The Driver is a 1978 crime thriller film written and directed by Walter Hill, starring Ryan O'Neal, Bruce Dern, and Isabelle Adjani. Based upon similarities in plot elements, it is heavily influenced by Jean-Pierre Melville's film Le Samouraï. The film is also notable for its impressive car chases, its no-frills style of filmmaking, and its taciturn, nameless titular character. (wikipedia)

• This film was originally written for Steve McQueen, but he turned it down. According to Walter Hill, "He didn't want to do anything that had to do with cars at that time. He felt he had already done that and it was pretty hard to argue with that." Hill had been assistant director on Bullitt (1968) and The Thomas Crown Affair (1968) and wrote The Getaway (1972).

• The titular driver is a man of few words - 350 in all.

• Walter Hill says he sent a copy of the original draft of the script to Raoul Walsh for his approval and that the veteran director liked it.

• Not one character has a name in this movie, and are all addressed by their occupation; e.g. "the Driver".

• The same Torchy's Bar appears in this film as in two other Walter Hill films - 48 Hrs (1982) and Streets of Fire (1984).

• Hill says the major visual influence on the movie was the works of artist Edward Hopper.

• Producer Larry Gordon later reflected on the film's poor critical and box office response in the US:

"If we'd had Clint Eastwood in the film, we'd have been forgiven everything and they'd have said, 'It's another Eastwood film about driving cars'." If we'd had Steve McQueen, we'd have been compared to Bullitt (1968) or The Getaway (1972). We were treated as an art film rather than an action film. We took a unique approach to standard material. We'd go the same way again, but with a different cast we might have attracted an audience. I believe in returning investors' money - and if I could make The Driver (1978) again I'd try to rectify it for a commercial market. When you're writing this kind of script... naturally you think of an action lead like Bronson or Eastwood... and certainly Fox wanted a name. But when we got Ryan, I suggested we make changes to suit his character. This is always the director's prerogative.”

• Isabelle Adjani later complained she felt the film hurt her career. "Afterwards the only American offers I got were bad ones," she said. "I did it, really because after The Story of Adele H (1975) everyone urged me to make a Hollywood film. I turned down several, and felt I couldn't continue to do that. And I liked Walter Hill. Only later did I realize I'd made a terrible mistake."
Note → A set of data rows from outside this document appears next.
(* Let $S$ be a monoid whose unique maximal right ideal $\mathfrak{M}$ is two-sided, and let $A$ be a right $S$-act having a maximal subact $B$ such that there exists $a\in A\setminus B$ with $\mathfrak{M}=\{s\in S\mid as\in B\}$. Then: (1) for every proper right ideal $I$ of $S$ with $I^2=I$ we have $AI\not\cong A$ (as $S$-acts); (2) for every right ideal $I$ of $S$, $AI=A$ if and only if $I=S$; (3) for every right ideal $I$ of $S$ with $I^2=I$, $AI\cong A$ if and only if $I=S$.
   Context: $S$ is a monoid with identity $1$ having at least one right non-invertible element. A (right) $S$-act is a nonempty set with an action $(a,s)\mapsto as$, $a1=a$, $a(st)=(as)t$; a subact is a nonempty subset closed under the action; a maximal subact is a proper subact not properly contained in another proper subact. $\mathfrak{M}=\{s\in S\mid st\neq1\ \forall t\in S\}$ is the unique maximal right ideal. $AI=\{as\mid a\in A,s\in I\}$ (a subact of $A$), $I^2=\{st\mid s,t\in I\}$. Isomorphism means bijective map $f$ with $f(as)=f(a)s$. *)

Set Implicit Arguments.

Record monoid := Monoid {
  mcar :> Type;
  mmul : mcar -> mcar -> mcar;
  mone : mcar;
  mmulA : forall x y z, mmul x (mmul y z) = mmul (mmul x y) z;
  mmul1s : forall x, mmul mone x = x;
  mmuls1 : forall x, mmul x mone = x
}.

Record act (S : monoid) := Act {
  acar :> Type;
  aop : acar -> S -> acar;
  aop1 : forall a, aop a (mone S) = a;
  aopM : forall a s t, aop a (mmul S s t) = aop (aop a s) t;
  anonempty : inhabited acar
}.

Section Defs.
Variable S : monoid.

Definition right_invertible (s : S) : Prop := exists t, mmul S s t = mone S.

Definition Mfrak (s : S) : Prop := forall t : S, mmul S s t <> mone S.

Definition right_ideal (I : S -> Prop) : Prop :=
  (exists s, I s) /\ forall s t, I s -> I (mmul S s t).

Definition two_sided_ideal (I : S -> Prop) : Prop :=
  right_ideal I /\ forall s t, I s -> I (mmul S t s).

Definition proper_subset {T : Type} (P : T -> Prop) : Prop := exists x, ~ P x.

Definition idempotent_ideal (I : S -> Prop) : Prop :=
  forall s, I s <-> exists u v, I u /\ I v /\ s = mmul S u v.

Variable A : act S.

Definition subact (B : A -> Prop) : Prop :=
  (exists x, B x) /\ forall x s, B x -> B (aop A x s).

Definition maximal_subact (B : A -> Prop) : Prop :=
  subact B /\ proper_subset B /\
  forall C : A -> Prop, subact C -> proper_subset C ->
    (forall x, B x -> C x) -> forall x, C x -> B x.

Definition actI (I : S -> Prop) (x : A) : Prop :=
  exists a s, I s /\ x = aop A a s.

(* the subact P of A is isomorphic (as S-act) to A: a bijection f : P -> A
   with f (x s) = f(x) s; f is represented by a total function on A whose
   restriction to P is the isomorphism *)
Definition subact_iso_to_whole (P : A -> Prop) : Prop :=
  exists f : A -> A,
    (forall x s, P x -> f (aop A x s) = aop A (f x) s) /\
    (forall x y, P x -> P y -> f x = f y -> x = y) /\
    (forall y, exists x, P x /\ f x = y).

End Defs.

(* Since [I] is proper it lies in [M], so [AI ⊆ AM]; and [a ∉ AM]: if [a = y v]
   with [v ∈ M], then [y ∉ B] (else [a ∈ B]), so by maximality of [B] the subact
   [B ∪ aS] is all of [A] and [y = a w], whence [a = a (w v)] with [w v ∈ M]
   because [M] is two-sided, i.e. [a ∈ B].  Hence [AI ≠ A] for proper [I].  An
   isomorphism [f : AI ≅ A] with [I = I²] forces [AI = A]: every [f (b u v)] with
   [u, v ∈ I] equals [f (b u) v ∈ AI]. *)
From Stdlib Require Import Classical.

Set Implicit Arguments.

Lemma proper_right_ideal_sub_Mfrak (S : monoid) (I : S -> Prop) :
  right_ideal S I -> proper_subset I -> forall s, I s -> Mfrak S s.
Proof.
  intros [_ HI] [s0 Hs0] s Is t Hst.
  apply Hs0. rewrite <- (mmul1s S s0), <- Hst. apply HI, HI, Is.
Qed.

Lemma not_proper_subset_full (T : Type) (P : T -> Prop) :
  ~ proper_subset P -> forall x, P x.
Proof.
  intros Hnp x. apply NNPP. intro Hx. apply Hnp. now exists x.
Qed.

Section ActI.
Variables (S : monoid) (A : act S).

Lemma actI_mono {I J : S -> Prop} :
  (forall s, I s -> J s) -> forall x, actI A I x -> actI A J x.
Proof.
  intros HIJ x [b [s [Is Hx]]]. exists b, s. auto.
Qed.

Lemma actI_full (I : S -> Prop) : I (mone S) -> forall x, actI A I x.
Proof.
  intros I1 x. exists x, (mone S). split; [exact I1|]. now rewrite aop1.
Qed.

Lemma iso_actI_idempotent_full (I : S -> Prop) :
  idempotent_ideal S I -> subact_iso_to_whole A (actI A I) ->
  forall x, actI A I x.
Proof.
  intros Hid [f [Hf [_ Hsurj]]] y.
  destruct (Hsurj y) as [x [[b [s [Is ->]]] <-]].
  destruct (proj1 (Hid s) Is) as [u [v [Iu [Iv ->]]]].
  rewrite aopM, Hf.
  - exists (f (aop A b u)), v. auto.
  - exists b, u. auto.
Qed.

Lemma subact_iso_to_whole_of_full (P : A -> Prop) :
  (forall x, P x) -> subact_iso_to_whole A P.
Proof.
  intros HP. exists (fun x => x). repeat split; auto. intros y. now exists y.
Qed.

End ActI.

Section MaximalSubact.
Variables (S : monoid) (A : act S) (B : A -> Prop) (a : A).
Hypothesis (HB : maximal_subact A B) (Ha : ~ B a).

Lemma subact_join_cyclic :
  subact A (fun x => B x \/ exists w, x = aop A a w).
Proof.
  destruct HB as [[_ HBs] _]. split.
  - exists a. right. exists (mone S). now rewrite aop1.
  - intros x s [Bx | [w ->]].
    + left. now apply HBs.
    + right. exists (mmul S w s). now rewrite aopM.
Qed.

Lemma maximal_subact_join_cyclic x : B x \/ exists w, x = aop A a w.
Proof.
  destruct HB as [_ [_ Hmax]].
  destruct (classic (proper_subset (fun x => B x \/ exists w, x = aop A a w)))
    as [Hp | Hnp].
  - exfalso. apply Ha, (Hmax _ subact_join_cyclic Hp); [now left|].
    right. exists (mone S). now rewrite aop1.
  - exact (not_proper_subset_full Hnp x).
Qed.

Hypothesis (HM2 : two_sided_ideal S (Mfrak S)).
Hypothesis (HMa : forall s : S, Mfrak S s <-> B (aop A a s)).

Lemma generator_notin_actMfrak : ~ actI A (Mfrak S) a.
Proof.
  destruct HB as [[_ HBs] _].
  intros [y [v [Mv Hav]]].
  destruct (maximal_subact_join_cyclic y) as [By | [w ->]].
  - apply Ha. rewrite Hav. now apply HBs.
  - apply Ha. rewrite Hav, <- aopM. apply HMa, (proj2 HM2), Mv.
Qed.

Lemma actI_full_iff (I : S -> Prop) :
  right_ideal S I -> (forall x, actI A I x) <-> (forall s, I s).
Proof.
  intros HI. split.
  - intros Hall. apply not_proper_subset_full. intros Hp.
    apply generator_notin_actMfrak.
    exact (actI_mono (proper_right_ideal_sub_Mfrak HI Hp) (Hall a)).
  - intros Hall. apply actI_full, Hall.
Qed.

End MaximalSubact.

Theorem proposition3p1 (S : monoid) (A : act S) (B : A -> Prop) (a : A) :
  (exists s : S, ~ right_invertible S s) ->
  two_sided_ideal S (Mfrak S) ->
  maximal_subact A B ->
  ~ B a ->
  (forall s : S, Mfrak S s <-> B (aop A a s)) ->
  (forall I : S -> Prop, right_ideal S I -> proper_subset I -> idempotent_ideal S I ->
      ~ subact_iso_to_whole A (actI A I)) /\
  (forall I : S -> Prop, right_ideal S I ->
      ((forall x : A, actI A I x) <-> (forall s : S, I s))) /\
  (forall I : S -> Prop, right_ideal S I -> idempotent_ideal S I ->
      (subact_iso_to_whole A (actI A I) <-> (forall s : S, I s))).
Proof.
  intros _ HM2 HB Ha HMa.
  pose proof (@actI_full_iff S A B a HB Ha HM2 HMa) as Hfull.
  assert (Hiso : forall I, right_ideal S I -> idempotent_ideal S I ->
            subact_iso_to_whole A (actI A I) -> forall s, I s).
  { intros I HI Hid Hf. apply (Hfull I HI), iso_actI_idempotent_full; assumption. }
  split; [|split; [exact Hfull|]].
  - intros I HI [s Hs] Hid Hf. exact (Hs (Hiso I HI Hid Hf s)).
  - intros I HI Hid. split; [exact (Hiso I HI Hid)|].
    intros Hall. apply subact_iso_to_whole_of_full, actI_full, Hall.
Qed.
• Both Quentin Tarantino's Pulp Fiction (1994) and Kill Bill: Volume 2 (2004) refer to this film: a shot and setup of Vincent Vega skidding out into the road with an overdosed Mia Wallace in the passenger seat in Pulp Fiction is copied from the opening chase of The Driver; and Beatrix Kiddo being described as "the cowgirl [who] ain't never been caught" in Kill Bill: Volume 2 is copied from Ryan O'Neal's character description in The Driver as "the cowboy who could not be caught". According to Wensley Clarkson's book, Tarantino - The Man, the Myths and His Movies, Tarantino lists The Driver as one of the "coolest movies of all time."

• The film was a big influence on Drive (2011).


This movie is a selection of the Shut Up And Drive! club.
posted by valkane (2 comments total) 2 users marked this as a favorite
Shut Up And Drive! will be screening this feature tonight, April 18, @ 9:00 pm ET. Click here to watch.
posted by valkane at 4:31 AM on April 18, 2016

I always thought that this film was massively underrated. There was also a playstation game that came out that was based on this, I believe.